Hi I deleted your other ad as you are only permitted to post it once. There are a few useful tips on this thread that may be useful for your future classified ads: http://www.bcaquaria.com/forum/fres...properly-post-care-free-ad-classifieds-23775/
Good luck with the sale. 
Regards John


----------



## Mo Amirian (Feb 14, 2012)

How much for it?
EDIT: nvm it's in the title.


----------



## jayc (May 23, 2010)

Interested. Open to offers.


----------



## jayc (May 23, 2010)

bump...filter sold. tank and stand $80.00 obo


----------



## jayc (May 23, 2010)

Bump...price drop!!!


----------



## mustang5.0 (Apr 24, 2010)

Ill give you 50 bucks and pick it up tonight


----------



## jayc (May 23, 2010)

I will pm you my number and address.


----------



## jayc (May 23, 2010)

Bump...price drop


----------



## jayc (May 23, 2010)

Bump...any offers guys?


----------



## Buffer (Apr 29, 2010)

Hi, I can pay the full asking price of $60 if you can deliver. Not that I am lazy...it's just that mobility is an issue for me with a broken foot. Lol

I am in Mary Hill, Port Coquitlam area. 5 mins off Hwy.1, Exit 44.
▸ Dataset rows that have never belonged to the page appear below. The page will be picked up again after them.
Lemma mean_update l Q r :
  \sum_(q : T) ps q * \sum_(a <- p q) a.2 * qupdate c l Q q a.1 r =
  Q r + ps r * l * (c r + Gop p Q r - Q r).
Proof.
set res := l * (c r + Gop p Q r - Q r).
have avg q : \sum_(a <- p q) a.2 * qupdate c l Q q a.1 r =
             Q r + (q == r)%:R * res.
  under eq_bigr => a _ do rewrite qupdateE.
  rewrite (eq_bigr (fun a => a.2 * Q r + (q == r)%:R * l *
             (a.2 * c r + a.2 * \sum_(t <- a.1) Q t + a.2 * - Q r))); last first.
    by move=> a _; ring.
  rewrite big_split /= -big_distrr /= !big_split /= !offspring_avg_const //.
  by rewrite /res /Gop; case: eqP => [->|_] /=; ring.
under eq_bigr do rewrite avg mulrDr.
rewrite big_split /= -big_distrl /= hps mul1r (bigD1 r) //= eqxx mul1r.
rewrite big1 => [|q /negPf -> /=]; last by rewrite mul0r mulr0.
by rewrite addr0 /res mulrA.
Qed.

Lemma EQ_step i r : EQ p c ps lam Q0 i.+1 r =
  EQ p c ps lam Q0 i r + ps r * lam i *
    (c r + Gop p (EQ p c ps lam Q0 i) r - EQ p c ps lam Q0 i r).
Proof.
have -> : EQ p c ps lam Q0 i.+1 r = expect p c ps lam Q0 i.+1 (fun Q => Q r) by [].
rewrite expect_step (@expect_ext _ _ p c ps lam Q0 i _ (fun Q : T -> R =>
  Q r + ((ps r * lam i) * c r + (ps r * lam i) * Gop p Q r
         + (- (ps r * lam i)) * Q r))); last by move=> Q; rewrite mean_update; ring.
rewrite !expect_add !expect_scale expect_const // expect_Gop.
by rewrite /EQ /expect; ring.
Qed.

End MeanDynamics.

Section Damping.
Variables (R : realType) (a : R) (lam : nat -> R).
Hypotheses (a0 : 0 <= a) (a1 : a <= 1) (hlam : forall k, 0 <= lam k <= 1).

Definition damping n := \prod_(0 <= k < n) (1 - a * lam k).

Lemma dampingS n : damping n.+1 = damping n * (1 - a * lam n).
Proof. by rewrite /damping big_nat_recr. Qed.

Lemma damping_factor_ge0 k : 0 <= 1 - a * lam k.
Proof.
have /andP [l0 l1] := hlam k.
by rewrite subr_ge0 -[1]mulr1; apply: ler_pM.
Qed.

Lemma damping_ge0 n : 0 <= damping n.
Proof. by apply: prodr_ge0 => k _; exact: damping_factor_ge0. Qed.

Lemma sum_lam_ge0 n : 0 <= \sum_(0 <= k < n) lam k.
Proof. by apply: sumr_ge0 => k _; have /andP [] := hlam k. Qed.

Lemma damping_sum_le1 n : damping n * (1 + a * \sum_(0 <= k < n) lam k) <= 1.
Proof.
elim: n => [|n IH]; first by rewrite /damping !big_geq // mul1r mulr0 addr0.
rewrite dampingS big_nat_recr //=.
have /andP [l0 l1] := hlam n.
have s0 := sum_lam_ge0 n; have P0 := damping_ge0 n.
move: IH; set s := \sum_(0 <= k < n) lam k; set P := damping n => IH.
have al0 : 0 <= a * lam n by apply: mulr_ge0.
have as0 : 0 <= a * s by apply: mulr_ge0.
have : 0 <= P * (a * lam n) * (a * s + a * lam n).
  by apply: mulr_ge0; [apply: mulr_ge0|apply: addr_ge0].
nra.
Qed.

Lemma damping_cvg0 : 0 < a ->
  (fun n => \sum_(0 <= k < n) lam k) @ \oo --> +oo -> damping n @[n --> \oo] --> 0.
Proof.
move=> a_gt0 hsum; apply/cvgrPdist_lt => e e0; near=> n.
have hs : (a * e)^-1 <= \sum_(0 <= k < n) lam k by near: n; exact: cvgry_ge.
rewrite sub0r normrN ger0_norm ?damping_ge0 //.
have := damping_sum_le1 n; have := damping_ge0 n; have := sum_lam_ge0 n.
move: hs; set s := \sum_(0 <= k < n) lam k; set P := damping n.
move=> hs s0 P0 hP.
have ae0 : 0 < a * e by apply: mulr_gt0.
have aes : 1 <= a * e * s.
  by have := ler_wpM2l (ltW ae0) hs; rewrite mulfV ?gt_eqF // mulrA.
rewrite ltNge; apply/negP => eP.
have : e * (a * s) <= P * (a * s) by apply: ler_wpM2r => //; apply: mulr_ge0.
nra.
Unshelve. all: end_near.
Qed.

End Damping.

Section Contraction.
Variables (R : realType) (T : finType) (p : T -> seq (seq T * R))
  (c v ps : T -> R) (pmin eps : R).
Hypothesis hp : offspring_distr p.
Hypothesis hc : cost_pos c.
Hypothesis hv : forall r, v r = c r + Gop p v r.
Hypothesis hepsc : forall r, eps * v r <= c r.
Hypothesis hpmin : 0 <= pmin.
Hypothesis hpsmin : forall r, pmin <= ps r.
Hypothesis hps1 : forall r, ps r <= 1.

(* One relaxation step with rate [l] shrinks a relative error bound
   [|x - v| <= B v] around the fixed point [v] by the factor [1 - pmin eps l]:
   the cost [c >= eps v] is the part of [v] not propagated by [Gop]. *)
Lemma relax_contract (x : T -> R) (l B : R) r : 0 <= l <= 1 -> 0 <= B ->
  (forall t, `|x t - v t| <= B * v t) ->
  `|x r + ps r * l * (c r + Gop p x r - x r) - v r| <=
    B * (1 - pmin * eps * l) * v r.
Proof.
move=> /andP [l0 l1] B0 hx.
have w0 : 0 <= ps r * l by apply: mulr_ge0 => //; exact: le_trans (hpsmin r).
have w1 : 1 - ps r * l >= 0.
  by rewrite subr_ge0 -[1]mulr1; apply: ler_pM => //; exact: le_trans (hpsmin r).
set d := fun t => x t - v t.
have hGd : `|Gop p d r| <= B * (v r - c r).
  apply: le_trans (Gop_norm_le hp r hx) _.
  by rewrite Gop_scale [X in _ <= _ * (X - _)](hv r) addrAC subrr add0r.
have -> : x r + ps r * l * (c r + Gop p x r - x r) - v r =
          (1 - ps r * l) * d r + ps r * l * Gop p d r.
  by rewrite /d Gop_sub (hv r); ring.
apply: le_trans (ler_normD _ _) _.
rewrite (normrM (1 - _)) (normrM (ps r * l)) (ger0_norm w0) (ger0_norm w1).
have h1 := ler_wpM2l w1 (hx r).
have h2 := ler_wpM2l w0 hGd.
have h3 : 0 <= (ps r - pmin) * l * B * c r.
  apply: mulr_ge0; last exact: ltW (hc r).
  by apply: mulr_ge0 => //; apply: mulr_ge0 => //; rewrite subr_ge0.
have h4 : 0 <= pmin * l * B * (c r - eps * v r).
  by apply: mulr_ge0; [apply: mulr_ge0 => //; apply: mulr_ge0|rewrite subr_ge0].
nra.
Qed.

Lemma relax_bound (lam : nat -> R) (E : nat -> T -> R) (B : R) :
  0 <= pmin * eps <= 1 -> (forall k, 0 <= lam k <= 1) -> 0 <= B ->
  (forall n r, E n.+1 r = E n r + ps r * lam n * (c r + Gop p (E n) r - E n r)) ->
  (forall t, `|E 0%N t - v t| <= B * v t) ->
  forall n r, `|E n r - v r| <= B * damping (pmin * eps) lam n * v r.
Proof.
move=> /andP [a0 a1] hlam B0 hE hE0; elim=> [|n IH] r.
  by rewrite /damping big_geq // mulr1.
rewrite hE dampingS mulrA; apply: relax_contract => //.
by apply: mulr_ge0 => //; exact: damping_ge0.
Qed.

End Contraction.

Lemma cost_ratio (R : realType) (T : finType) (c v : T -> R) :
  cost_pos c -> (forall r, 0 <= v r) ->
  exists2 eps, 0 < eps <= 1 & forall r, eps * v r <= c r.
Proof.
move=> hc v0; set S := \sum_r v r / c r.
have S0 : 0 <= S by apply: sumr_ge0 => r _; apply: divr_ge0; [|apply: ltW].
exists (1 + S)^-1.
  by rewrite invr_gt0 invf_le1; lra.
move=> r; have cr := hc r.
have hr : v r / c r <= S.
  by rewrite /S (bigD1 r) //= lerDl; apply: sumr_ge0 => t _;
    apply: divr_ge0; [|apply: ltW].
rewrite mulrC ler_pdivrMr; last lra.
by move: hr; rewrite ler_pdivrMr //; nra.
Qed.

Lemma cvg_dist_le (R : realType) (u w : nat -> R) (l K : R) :
  (forall n, `|u n - l| <= K * w n) -> w n @[n --> \oo] --> 0 ->
  u n @[n --> \oo] --> l.
Proof.
move=> hu w0.
have Kw0 : K * w n @[n --> \oo] --> 0.
  by rewrite -(mulr0 K); apply: cvgM => //; exact: cvg_cst.
apply: (@squeeze_cvgr _ _ _ _ (fun n => l - K * w n) (fun n => l + K * w n)).
- by near=> n; have := hu n; rewrite ler_norml; lra.
- by rewrite -[X in _ --> X]subr0; apply: cvgB => //; exact: cvg_cst.
- by rewrite -[X in _ --> X]addr0; apply: cvgD => //; exact: cvg_cst.
Unshelve. all: end_near.
Qed.

Theorem lemma4 (R : realType) (T : finType)
  (p : T -> seq (seq T * R)) (c : T -> R) (cs : T -> \bar R)
  (lam : nat -> R) (ps : T -> R) (pmin kappa : R) :
  offspring_distr p -> cost_pos c ->
  is_cstar p c cs -> (forall q, (cs q < +oo)%E) ->
  (forall i, 0 <= lam i <= 1) ->
  (fun n => \sum_(0 <= k < n) lam k) @ \oo --> +oo ->
  0 < pmin -> (forall q, pmin <= ps q) -> \sum_(q : T) ps q = 1 ->
  0 <= kappa ->
  forall q, (fun i => EQ p c ps lam (fun r => kappa * fine (cs r)) i q) @ \oo
              --> fine (cs q).
Proof.
move=> hp hc hcs csfin hlam hsum hpmin hpsmin hps _ q.
have [v0 hv] := cstar_real_fixpoint hcs csfin.
have [eps /andP [eps0 eps1] hepsc] := cost_ratio hc v0.
have hps1 r : ps r <= 1.
  rewrite -hps (bigD1 r) //= lerDl; apply: sumr_ge0 => t _.
  exact: le_trans (ltW hpmin) (hpsmin t).
have a0 : 0 < pmin * eps by apply: mulr_gt0.
have a1 : pmin * eps <= 1.
  by rewrite -[1]mulr1; apply: ler_pM => //; [exact: ltW|exact: ltW|
    exact: le_trans (hpsmin q) (hps1 q)].
have init t : `|EQ p c ps lam (fun r => kappa * fine (cs r)) 0 t - fine (cs t)|
               <= `|kappa - 1| * fine (cs t).
  rewrite /EQ big_seq1 mul1r /= -{2}(mul1r (fine (cs t))) -mulrBl normrM.
  by rewrite (ger0_norm (v0 t)).
have a01 : 0 <= pmin * eps <= 1 by rewrite (ltW a0) a1.
have bound := relax_bound hp hc hv hepsc (ltW hpmin) hpsmin hps1 a01 hlam (normr_ge0 _) (EQ_step _ _ _ hp hps) init.
apply: (@cvg_dist_le _ _ (damping (pmin * eps) lam) _ (`|kappa - 1| * fine (cs q))).
  by move=> n; rewrite mulrAC; exact: bound.
exact: (damping_cvg0 (ltW a0) a1 hlam a0 hsum).
Qed.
Give me a call if you can swing by. Also can you confirm there's no leakage, scratches, and so on? Thanks. 

If you think it's far, I can understand as well. 

Buff...


----------



## fishdragon (Nov 8, 2010)

$60 is a good deal as for its full equipt.
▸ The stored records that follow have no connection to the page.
(* If $r\ge 2$, then the glued binary tree $GT(r)$ satisfies $\mu(GT(r))=2^r+1$, and the number of $\mu$-sets of $GT(r)$ is $\#\mu(GT(r))=2^{r+1}-2$.
   Context: A perfect binary tree of depth $r\ge1$ is a rooted tree in which every non-leaf vertex has exactly $2$ children and all leaves have depth $r$. The glued binary tree $GT(r)$ is obtained from two copies of the perfect binary tree of depth $r$ by pairwise identifying their leaves (via a fixed isomorphism of the copies). For $S\subseteq V(G)$, two vertices $u,v$ are $S$-visible if there exists a shortest $u,v$-path $P$ with $V(P)\cap S\subseteq\{u,v\}$; $S$ is a mutual-visibility set if every two vertices of $S$ are $S$-visible. A largest mutual-visibility set is a $\mu$-set, and its size is the mutual-visibility number $\mu(G)$. $\#\mu(G)$ denotes the number of $\mu$-sets of $G$. *)

From mathcomp Require Import all_boot.
Set Implicit Arguments. Unset Strict Implicit. Unset Printing Implicit Defensive.

Section Graph.
Variables (T : finType) (e : rel T).

Definition walk (u : T) (p : seq T) (v : T) : Prop :=
  path e u p /\ last u p = v.

Definition shortest_path (u : T) (p : seq T) (v : T) : Prop :=
  walk u p v /\ forall q, walk u q v -> size p <= size q.

Definition S_visible (S : {set T}) (u v : T) : Prop :=
  exists p, shortest_path u p v /\
    forall x, x \in u :: p -> x \in S -> x = u \/ x = v.

Definition mutual_visibility_set (S : {set T}) : Prop :=
  forall u v, u \in S -> v \in S -> S_visible S u v.

Definition mu_set (S : {set T}) : Prop :=
  mutual_visibility_set S /\
  forall S', mutual_visibility_set S' -> #|S'| <= #|S|.

Definition mu_number (n : nat) : Prop :=
  (exists S, mutual_visibility_set S /\ #|S| = n) /\
  forall S, mutual_visibility_set S -> #|S| <= n.

Definition num_mu_sets (k : nat) : Prop :=
  exists M : {set {set T}}, (forall S, S \in M <-> mu_set S) /\ #|M| = k.
End Graph.

(* A vertex of a perfect binary tree of depth r is a binary word of length d <= r
   (the root is the empty word, the children of w are w++[0] and w++[1]).
   A vertex of GT(r) is a pair (copy, word); the leaves (words of length r)
   of the two copies are identified, represented with copy = false. *)
Definition GTV (r : nat) :=
  {x : bool * {d : 'I_r.+1 & d.-tuple bool} | (tag x.2 == r :> nat) ==> ~~ x.1}.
Sent from my LT15a using Tapatalk 2


----------



## gklaw (May 31, 2010)

Buffer said:


> Hi, I can pay the full asking price of $60 if you can deliver. Not that I am lazy...it's just that mobility is an issue for me with a broken foot. Lol
> 
> I am in Mary Hill, Port Coquitlam area. 5 mins off Hwy.1, Exit 44.
> 
> ...


If it is not too far out of my way. I can pick that up for my friend


----------



## Buffer (Apr 29, 2010)

gklaw said:


> If it is not too far out of my way. I can pick that up for my friend


Lol. You're the best Gord! He havent call me back yet so I'll see. I pm'd my number to him already.
Hopefully he'll be able to swing by. We have great fresh air in Coquitlam. =D


----------



## jayc (May 23, 2010)

Pm sent to u.


----------



## jayc (May 23, 2010)

Bump...anyone interested? Open to offers!


----------



## jayc (May 23, 2010)

Bump...Any offers out there?


----------



## jayc (May 23, 2010)

threw in a 200W heater!


----------



## jayc (May 23, 2010)

last price drop $40!!


----------



## lar (Apr 21, 2010)

Somebody please take this!! or I will take it and my mom will give me crap for too many tanksssss


----------



## spit.fire (Jan 3, 2011)

Bump for wicked deal, that stand alone is worth a lot more than his asking price


----------



## fishdragon (Nov 8, 2010)

I already sent pm, no reply yet.


----------



## Buffer (Apr 29, 2010)

I found a buddy live by your place. Hopefully he can pick up for me today....if it's still available.


----------